These studies all illustrate that changing the abundance of certain specific bacterial species by microbial transplantation are likely to bring practicable modeling effects, and we can further improve the animal model of IBD based on the study of pathogenic mechanisms of microbial factors.
However, the intestinal microbiota of IBD patients vary widely and are often not universal. It is unclear whether the changes in each bacterial group are causes or consequences of IBD. Using microbial factors to model rashly may result in poor model performance due to reverse causality errors. Therefore, the results of Mendelian randomization studies are very meaningful. Mendelian randomization studies indicate the increase of Ruminococcus and Enterobacteriaceae are associated with a higher risk of IBD.156,157 Combined with the findings of other studies, R. gnavus and two strains under Enterobacteriaceae can be recommended for inclusion in animal model construction.
We have compiled a list of "microbial factors recommended for use in experimental animal models" (Table 3), paying extra attention to the effects of direct inoculation of bacteria into the intestine.

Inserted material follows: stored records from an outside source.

(* Let $K(x,y)=\dfrac{\log\frac{|x-y|}{\langle x\rangle}}{1+\log\langle y\rangle}$ for $x,y\in\mathbb{R}^2$. For any $p\in[1,\infty)$ and $\varepsilon>0$ there exist a function $W(x,y)\ge0$ with $\|W\|_{L^\infty_yL^p_x}\le\varepsilon$ and a constant $C_0$ such that $|K(x,y)|\le C_0+W(x,y)$ for all $(x,y)\in\mathbb{R}^{2+2}$.
   Context: $\langle x\rangle=(1+|x|^2)^{1/2}$; $\|W\|_{L^\infty_yL^p_x}=\sup_y\|W(\cdot,y)\|_{L^p(\mathbb{R}^2)}$. *)

From HB Require Import structures.
From mathcomp Require Import all_boot all_order all_algebra.
From mathcomp Require Import all_classical all_reals all_analysis.
Set Implicit Arguments. Unset Strict Implicit. Unset Printing Implicit Defensive.
Import Order.TTheory GRing.Theory Num.Theory.
Local Open Scope ring_scope.

Definition euclid_norm2 {R : realType} (x : R * R) : R :=
  Num.sqrt (x.1 ^+ 2 + x.2 ^+ 2).

Definition jbracket {R : realType} (x : R * R) : R :=
  Num.sqrt (1 + x.1 ^+ 2 + x.2 ^+ 2).

Definition Kker {R : realType} (x y : R * R) : R :=
  ln (euclid_norm2 (x.1 - y.1, x.2 - y.2) / jbracket x) / (1 + ln (jbracket y)).

Definition leb2 {R : realType} :=
  ((@lebesgue_measure R) \x (@lebesgue_measure R))%E.

(* Let s = |x - y|_oo. Comparing |x - y|, <x> and <y> gives
   |K(x,y)| <= 1 + log 2 + max(0, -log s), so the only singularity of K is
   logarithmic on the diagonal. Since -log s <= p s^(-1/p), it is absorbed by
   W = p s^(-1/p) on {s <= 2^-n} (and W = 0 elsewhere), at the price of the
   constant C0 = 1 + (n+1) log 2. Pointwise W^p = p^p / s is dominated by
   sum_{k >= n} 2 p^p 2^k 1_{s <= 2^-k}, and {s <= 2^-k} is a square of area
   4^(1-k), so int W(., y)^p <= 16 p^p 2^-n, which is below eps^p once n is
   large. *)

From HB Require Import structures.
From mathcomp Require Import all_boot all_order all_algebra.
From mathcomp Require Import all_classical all_reals all_analysis.
From mathcomp Require Import ring lra measurable_realfun.
Import Order.TTheory GRing.Theory Num.Theory.
Local Open Scope classical_set_scope.
Local Open Scope ring_scope.
Set Implicit Arguments. Unset Strict Implicit. Unset Printing Implicit Defensive.

Section logarithms.
Variable R : realType.
Implicit Types (a u s X Y : R) (m n : nat).

Lemma ln2_gt0 : 0 < ln (2 : R).
Proof. by rewrite ln_gt0// ltr1n. Qed.

Lemma abs_ln_div_le a X Y : 0 < a -> 0 < X -> 1 <= Y ->
  a <= 2 * X * Y -> X <= Y + a ->
  `|ln (a / X)| <= ln 2 + ln Y + Num.max 0 (- ln a).
Proof.
move=> a0 X0 Y1 aXY XYa; have Y0 : 0 < Y by exact: lt_le_trans Y1.
have lnM3 (b c d : R) : 0 < b -> 0 < c -> 0 < d -> ln (b * c * d) = ln b + ln c + ln d.
  by move=> *; rewrite !lnM ?posrE ?mulr_gt0.
have m0 : 0 <= Num.max 0 (- ln a) by rewrite le_max lexx.
have m1 : - ln a <= Num.max 0 (- ln a) by rewrite le_max lexx orbT.
have up : ln a <= ln 2 + ln X + ln Y.
  by rewrite -lnM3// ler_ln ?posrE ?mulr_gt0// mulrA.
have lo : ln X <= ln 2 + ln Y + Num.max 0 (ln a).
  have [a1|a1] := leP 1 a.
    rewrite (max_idPr (ln_ge0 a1)) -lnM3// ler_ln ?posrE ?mulr_gt0//; nra.
  rewrite (max_idPl (ln_le0 (ltW a1))) addr0 -lnM ?posrE// ler_ln ?posrE ?mulr_gt0//; nra.
rewrite ln_div ?posrE// ler_norml; apply/andP; split; last by lra.
have : Num.max 0 (ln a) - ln a <= Num.max 0 (- ln a).
  by have [h|h] := leP 0 (ln a); lra.
lra.
Qed.

Lemma expR_mul_ln2 m : expR (m%:R * ln 2) = 2 ^+ m :> R.
Proof. by rewrite expRM_natl lnK ?posrE. Qed.

Lemma le_exp2N_of_ln s m : 0 <= s -> ln s <= - (m%:R * ln 2) -> s <= (2 ^+ m)^-1.
Proof.
rewrite le0r => /orP[/eqP->|s0 hs]; first by rewrite invr_ge0 exprn_ge0.
by rewrite -expR_mul_ln2 -expRN -[s]lnK ?posrE// ler_expR.
Qed.

Lemma dyadic_level u n : u <= - (n%:R * ln 2) ->
  exists m, [/\ (n <= m)%N, u <= - (m%:R * ln 2) & expR (- u) <= 2 * 2 ^+ m].
Proof.
move=> hu; have l2 := ln2_gt0; set t := - u / ln 2.
have t_ge : n%:R <= t by rewrite ler_pdivlMr// lerNr.
have t0 : 0 <= t := le_trans (ler0n _ _) t_ge.
have /andP[mt tm] := truncn_itv t0.
exists (Num.truncn t); split.
- by rewrite truncn_ge_nat.
- by rewrite lerNr -ler_pdivlMr.
- rewrite -exprS -expR_mul_ln2 ler_expR -ler_pdivrMr//; exact: ltW.
Qed.
End logarithms.

Section plane_geometry.
Variable R : realType.
Implicit Types (a b : R) (x y : R * R).

Lemma sqrtr_le_of_sqr a b : 0 <= b -> a <= b ^+ 2 -> Num.sqrt a <= b.
Proof. by move=> b0 ab; rewrite -(ger0_norm b0) -sqrtr_sqr ler_wsqrtr. Qed.

Lemma le_sqrtr_of_sqr a b : 0 <= b -> b ^+ 2 <= a -> b <= Num.sqrt a.
Proof. by move=> b0 ab; rewrite -(ger0_norm b0) -sqrtr_sqr ler_wsqrtr. Qed.

Definition supdist x y : R := Num.max `|x.1 - y.1| `|x.2 - y.2|.

Let dist x y := euclid_norm2 (x.1 - y.1, x.2 - y.2).

Lemma sqr_jbracket x : jbracket x ^+ 2 = 1 + x.1 ^+ 2 + x.2 ^+ 2.
Proof. by rewrite sqr_sqrtr// !addr_ge0 ?sqr_ge0. Qed.

Lemma sqr_dist x y : dist x y ^+ 2 = (x.1 - y.1) ^+ 2 + (x.2 - y.2) ^+ 2.
Proof. by rewrite sqr_sqrtr// addr_ge0 ?sqr_ge0. Qed.

Lemma jbracket_ge1 x : 1 <= jbracket x.
Proof. by apply: le_sqrtr_of_sqr; rewrite // expr1n -addrA lerDl addr_ge0 ?sqr_ge0. Qed.

Lemma supdist_le_dist x y : supdist x y <= dist x y.
Proof.
by rewrite ge_max; apply/andP; split; apply: le_sqrtr_of_sqr => //=;
  rewrite real_normK ?num_real// ?lerDl ?lerDr sqr_ge0.
Qed.

Lemma dist_le_jbracketM x y : dist x y <= 2 * jbracket x * jbracket y.
Proof.
apply: sqrtr_le_of_sqr; first by rewrite !mulr_ge0 ?sqrtr_ge0.
rewrite !exprMn !sqr_jbracket; case: x y => [x1 x2] [y1 y2] /=.
have := sqr_ge0 (x1 + y1); have := sqr_ge0 (x2 + y2).
have : 0 <= (x1 ^+ 2 + x2 ^+ 2) * (y1 ^+ 2 + y2 ^+ 2) by rewrite mulr_ge0 ?addr_ge0 ?sqr_ge0.
nra.
Qed.

Lemma jbracket_le_add x y : jbracket x <= jbracket y + dist x y.
Proof.
have Y0 : 0 <= jbracket y by exact: sqrtr_ge0.
have a0 : 0 <= dist x y by exact: sqrtr_ge0.
apply: sqrtr_le_of_sqr; first exact: addr_ge0.
have := sqr_dist x y; have := sqr_jbracket y.
case: x y Y0 a0 => [x1 x2] [y1 y2] /=; set Y := jbracket _; set a := dist _ _ => Y0 a0 Y2 a2.
have cs : y1 * (x1 - y1) + y2 * (x2 - y2) <= Y * a.
  have : (y1 * (x1 - y1) + y2 * (x2 - y2)) ^+ 2 <= (Y * a) ^+ 2.
    rewrite exprMn Y2 a2 /=; have := sqr_ge0 (y1 * (x2 - y2) - y2 * (x1 - y1)); nra.
  have := mulr_ge0 Y0 a0; nra.
nra.
Qed.

Lemma supdist_gt0 x y : x <> y -> 0 < supdist x y.
Proof.
case: x y => [x1 x2] [y1 y2] xy; rewrite /supdist /= lt_max !normr_gt0 !subr_eq0.
by apply: contra_notT xy; rewrite negb_or !negbK => /andP[/eqP-> /eqP->].
Qed.

Lemma Kker_le x y : x <> y ->
  `|Kker x y| <= 1 + ln 2 + Num.max 0 (- ln (supdist x y)).
Proof.
move=> xy; have s0 := supdist_gt0 xy.
have a0 : 0 < dist x y := lt_le_trans s0 (supdist_le_dist x y).
have L0 : 0 <= ln (jbracket y) := ln_ge0 (jbracket_ge1 y).
have X0 : 0 < jbracket x := lt_le_trans ltr01 (jbracket_ge1 x).
have hN := abs_ln_div_le a0 X0 (jbracket_ge1 y) (dist_le_jbracketM x y) (jbracket_le_add x y).
have hM : Num.max 0 (- ln (dist x y)) <= Num.max 0 (- ln (supdist x y)).
  by rewrite le_max2// lerN2 ler_ln ?posrE// supdist_le_dist.
have M0 : 0 <= Num.max 0 (- ln (supdist x y)) by rewrite le_max lexx.
rewrite /Kker -/(dist x y) normrM normfV [X in _ / X]ger0_norm ?addr_ge0//.
have l2 := @ln2_gt0 R.
rewrite ler_pdivrMr ?ltr_pwDl//; nra.
Qed.
End plane_geometry.

Section weight.
Variable R : realType.
Implicit Types (u : R) (x y : R * R).

(* [W] is written through [u = ln s], in which it is nonincreasing, hence measurable. *)
Definition weight_profile (p : R) (n : nat) u : R :=
  if u <= - (n%:R * ln 2) then p * expR (- u / p) else 0.

Definition weight (p : R) (n : nat) x y : R := weight_profile p n (ln (supdist x y)).

Variables (p : R) (n : nat).
Hypothesis p_gt0 : 0 < p.

Lemma weight_profile_ge0 u : 0 <= weight_profile p n u.
Proof. by rewrite /weight_profile; case: ifP => _; rewrite ?mulr_ge0 ?expR_ge0 ?(ltW p_gt0). Qed.

Lemma weight_profile_nonincreasing : {homo weight_profile p n : u v /~ u <= v}.
Proof.
move=> u v vu; rewrite /weight_profile; case: ifPn => hv; last exact: weight_profile_ge0.
rewrite (le_trans vu hv) ler_pM2l// ler_expR ler_pM2r ?invr_gt0// lerN2 //.
Qed.

Lemma lnN_le_weight_profile u : - u <= n%:R * ln 2 + weight_profile p n u.
Proof.
rewrite /weight_profile; case: ifPn => hu; last first.
  by rewrite addr0 lerNl ltW// ltNge.
have l2 := @ln2_gt0 R.
have : - u / p <= expR (- u / p) by have := expR_ge1Dx (- u / p); lra.
rewrite ler_pdivrMr// mulrC => h; apply: le_trans h _.
by rewrite lerDr mulr_ge0// ltW.
Qed.

Lemma powR_weight_profile u : u <= - (n%:R * ln 2) ->
  weight_profile p n u `^ p = p `^ p * expR (- u).
Proof.
move=> hu; rewrite /weight_profile hu powRM ?expR_ge0 ?(ltW p_gt0)// -expRM mulfVK ?gt_eqF//.
Qed.

Lemma weight_ge0 x y : 0 <= weight p n x y.
Proof. exact: weight_profile_ge0. Qed.

Lemma measurable_weight y : measurable_fun [set: R * R] (weight p n ^~ y).
Proof.
apply: measurableT_comp.
  by apply: nonincreasing_measurable => // u v vu; exact: weight_profile_nonincreasing.
apply: measurableT_comp; first exact: measurable_ln.
apply: measurable_maxr; apply: measurableT_comp (@normr_measurable _ _) _.
- exact: measurable_funB measurable_fst (measurable_cst _).
- exact: measurable_funB measurable_snd (measurable_cst _).
Qed.

Lemma Kker_le_weight x y : x <> y ->
  `|Kker x y| <= 1 + n.+1%:R * ln 2 + weight p n x y.
Proof.
move=> /Kker_le Kxy; apply: le_trans Kxy _.
have W_ge := lnN_le_weight_profile (ln (supdist x y)).
have W0 := weight_ge0 x y; have l2 := @ln2_gt0 R.
have nl2 := mulr_ge0 (ler0n R n) (ltW l2).
rewrite -[n.+1%:R]natr1 mulrDl mul1r -/(weight p n x y) in W_ge *.
by have [h|h] := leP 0 (- ln (supdist x y)); lra.
Qed.

End weight.

Section dyadic_squares.
Variable R : realType.
Implicit Types (r : R) (x y : R * R).

Definition square y r : set (R * R) :=
  `[y.1 - r, y.1 + r] `*` `[y.2 - r, y.2 + r].

Lemma measurable_square y r : measurable (square y r).
Proof. by apply: measurableX; exact: measurable_itv. Qed.

Lemma leb2_square y r : 0 < r -> leb2 (square y r) = ((2 * r) ^+ 2)%:E.
Proof.
move=> r0; rewrite /leb2 product_measure1E ?measurable_itv// /= !lebesgue_measure_itv/=.
rewrite !lte_fin !ltrD2l gtrN// -!EFinD -EFinM; congr (_%:E); ring.
Qed.

Lemma square_supdist x y r : supdist x y <= r -> square y r x.
Proof. by rewrite ge_max => /andP[h1 h2]; split; rewrite /= in_itv/= -ler_distl. Qed.

Lemma integral_indic_square y r : 0 < r ->
  (\int[leb2]_x (\1_(square y r) x)%:E = ((2 * r) ^+ 2)%:E)%E.
Proof.
move=> r0; rewrite integral_indic//; last exact: measurable_square.
have -> : square y r `&` setT = square y r by rewrite setIT.
exact: leb2_square r0.
Qed.

End dyadic_squares.

Section weight_integral.
Variable R : realType.
Variables (p : R) (n : nat).
Hypothesis p_gt0 : 0 < p.
Implicit Types (x y : R * R) (j : nat).

Definition dyadic_term y j x : \bar R :=
  ((2 * p `^ p * 2 ^+ (j + n)) * \1_(square y (2 ^+ (j + n))^-1) x)%:E.

Lemma dyadic_term_ge0 y j x : (0 <= dyadic_term y j x)%E.
Proof. by rewrite lee_fin mulr_ge0 ?mulr_ge0 ?powR_ge0 ?exprn_ge0. Qed.

Lemma measurable_dyadic_term y j : measurable_fun [set: R * R] (dyadic_term y j).
Proof.
apply/measurable_EFinP; apply: measurable_funM; first exact: measurable_cst.
by apply: measurable_indic; exact: measurable_square.
Qed.

Lemma integral_dyadic_term y j :
  (\int[leb2]_x dyadic_term y j x = ((16 * p `^ p) / (2 ^ (j + n.+1))%:R)%:E)%E.
Proof.
have r0 : (0 < (2 ^+ (j + n))^-1 :> R)%R by rewrite invr_gt0 exprn_gt0.
rewrite /dyadic_term; under eq_integral do rewrite EFinM.
rewrite ge0_integralZl_EFin//; last 2 first.
- by apply/measurable_EFinP; apply: measurable_indic; exact: measurable_square.
- by rewrite mulr_ge0 ?mulr_ge0 ?powR_ge0 ?exprn_ge0.
rewrite integral_indic_square// -EFinM.
congr (_%:E); rewrite addnS natrX [in RHS]exprS.
have : (2 ^+ (j + n) : R) != 0 by rewrite expf_neq0.
set q := (2 ^+ (j + n) : R) => q0; by field.
Qed.

Lemma powR_weight_le_series x y :
  ((weight p n x y `^ p)%:E <= \sum_(j <oo) dyadic_term y j x)%E.
Proof.
have terms_ge0 k : (0 <= k)%N -> true -> (0 <= dyadic_term y k x)%E.
  by move=> *; exact: dyadic_term_ge0.
rewrite /weight; set u := ln (supdist x y).
have [hu|hu] := boolP (u <= - (n%:R * ln 2)); last first.
  by rewrite /weight_profile (negbTE hu) powR0 ?gt_eqF// nneseries_ge0.
have [m [nm um eu]] := dyadic_level hu.
have s0 : (0 <= supdist x y)%R by rewrite le_max normr_ge0.
have x_sq := square_supdist (le_exp2N_of_ln s0 um).
apply: le_trans (nneseries_lim_ge (m - n).+1 terms_ge0).
rewrite big_nat_recr//=; apply: lee_paddl; first by rewrite sume_ge0// => k _; exact: dyadic_term_ge0.
rewrite /dyadic_term subnK// indicE mem_set// mulr1 lee_fin powR_weight_profile//.
by rewrite (mulrC 2) -mulrA ler_wpM2l ?powR_ge0.
Qed.

Lemma integral_powR_weight_le y :
  (\int[leb2]_x (`|(weight p n x y)%:E| `^ p) <= ((16 * p `^ p) / 2 ^+ n)%:E)%E.
Proof.
have mW : measurable_fun [set: R * R] (fun x => (weight p n x y `^ p)%:E).
  by apply/measurable_EFinP; apply: measurableT_comp (measurable_powR p) _; exact: measurable_weight.
under eq_integral => x _ do rewrite abse_EFin poweR_EFin ger0_norm ?weight_ge0//.
have mS : measurable_fun [set: R * R] (fun x => \sum_(j <oo) dyadic_term y j x)%E.
  by apply: ge0_emeasurable_sum => [k x _ _|k _];
    [exact: dyadic_term_ge0|exact: measurable_dyadic_term].
apply: le_trans.
  apply: (@ge0_le_integral _ _ _ leb2 setT measurableT _ (fun x => \sum_(j <oo) dyadic_term y j x)%E).
  - by move=> x _; rewrite lee_fin powR_ge0.
  - exact: mW.
  - exact: mS.
  - by move=> x _; exact: powR_weight_le_series.
rewrite integral_nneseries//; last 2 first.
- by move=> k; exact: measurable_dyadic_term.
- by move=> k x _; exact: dyadic_term_ge0.
rewrite (eq_eseriesr (fun j _ => integral_dyadic_term y j)).
by have /cvg_lim <- := @cvg_geometric_eseries_half R (16 * p `^ p) n.
Qed.

End weight_integral.

Lemma Lnorm_le_of_integral d (T : measurableType d) (R : realType)
    (mu : {measure set T -> \bar R}) (p c : R) (f : T -> \bar R) :
  0 < p -> 0 <= c -> (\int[mu]_x `|f x| `^ p <= (c `^ p)%:E)%E ->
  (Lnorm mu p%:E f <= c%:E)%E.
Proof.
move=> p0 c0 hf; rewrite unlock.
have -> : c = (c `^ p) `^ p^-1 by rewrite -powRrM mulfV ?gt_eqF ?powRr1.
rewrite -poweR_EFin; apply: gt0_ler_poweR => //; first by rewrite invr_ge0 ltW.
- by rewrite in_itv/= leey andbT integral_ge0// => x _; exact: poweR_ge0.
- by rewrite in_itv/= leey andbT lee_fin powR_ge0.
Qed.

Lemma exists_div_exp2_le (R : archiFieldType) (a e : R) : 0 < e ->
  exists n : nat, a / 2 ^+ n <= e.
Proof.
move=> e0; set m := Num.truncn (a / e); exists m.
have m_gt : a / e < m.+1%:R := truncnS_gt _.
have pow_ge : m.+1%:R <= 2 ^+ m :> R by rewrite -natrX ler_nat ltn_expl.
rewrite ler_pdivrMr ?exprn_gt0// -ler_pdivrMl// mulrC.
exact: le_trans (ltW m_gt) pow_ge.
Qed.

Unset Implicit Arguments.

Theorem lemma2p3 (R : realType) (p eps : R) :
  1 <= p -> 0 < eps ->
  exists (W : R * R -> R * R -> R) (C0 : R),
    (forall x y, 0 <= W x y) /\
    (forall y, measurable_fun [set: R * R] (fun x => W x y)) /\
    (forall y, (Lnorm leb2 p%:E (fun x => (W x y)%:E) <= eps%:E)%E) /\
    (forall x y, x <> y -> `|Kker x y| <= C0 + W x y).
Proof.
move=> p1 eps0; have p0 : 0 < p := lt_le_trans ltr01 p1.
have [n small_n] := exists_div_exp2_le (16 * p `^ p) (powR_gt0 p eps0).
exists (weight p n), (1 + n.+1%:R * ln 2).
split; [|split; [|split]] => [x y|y|y|x y].
- exact: weight_ge0.
- exact: measurable_weight.
- apply: (Lnorm_le_of_integral p0 (ltW eps0)).
  by apply: le_trans (integral_powR_weight_le n p0 y) _; rewrite lee_fin.
- exact: Kker_le_weight.
Qed.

That is, it can cause enhanced inflammatory response, increased disease susceptibility, altered osmotic pressure, and other IBD risk factors in the model.5,158-160 Among them, those factors that remain relevant to the risk of IBD after screening by Mendelian randomization studies are listed as recommended factors.
Table 3 . Microbial Factors That Can Be Used to Improve Experimental Models of Inflammatory Bowel Disease.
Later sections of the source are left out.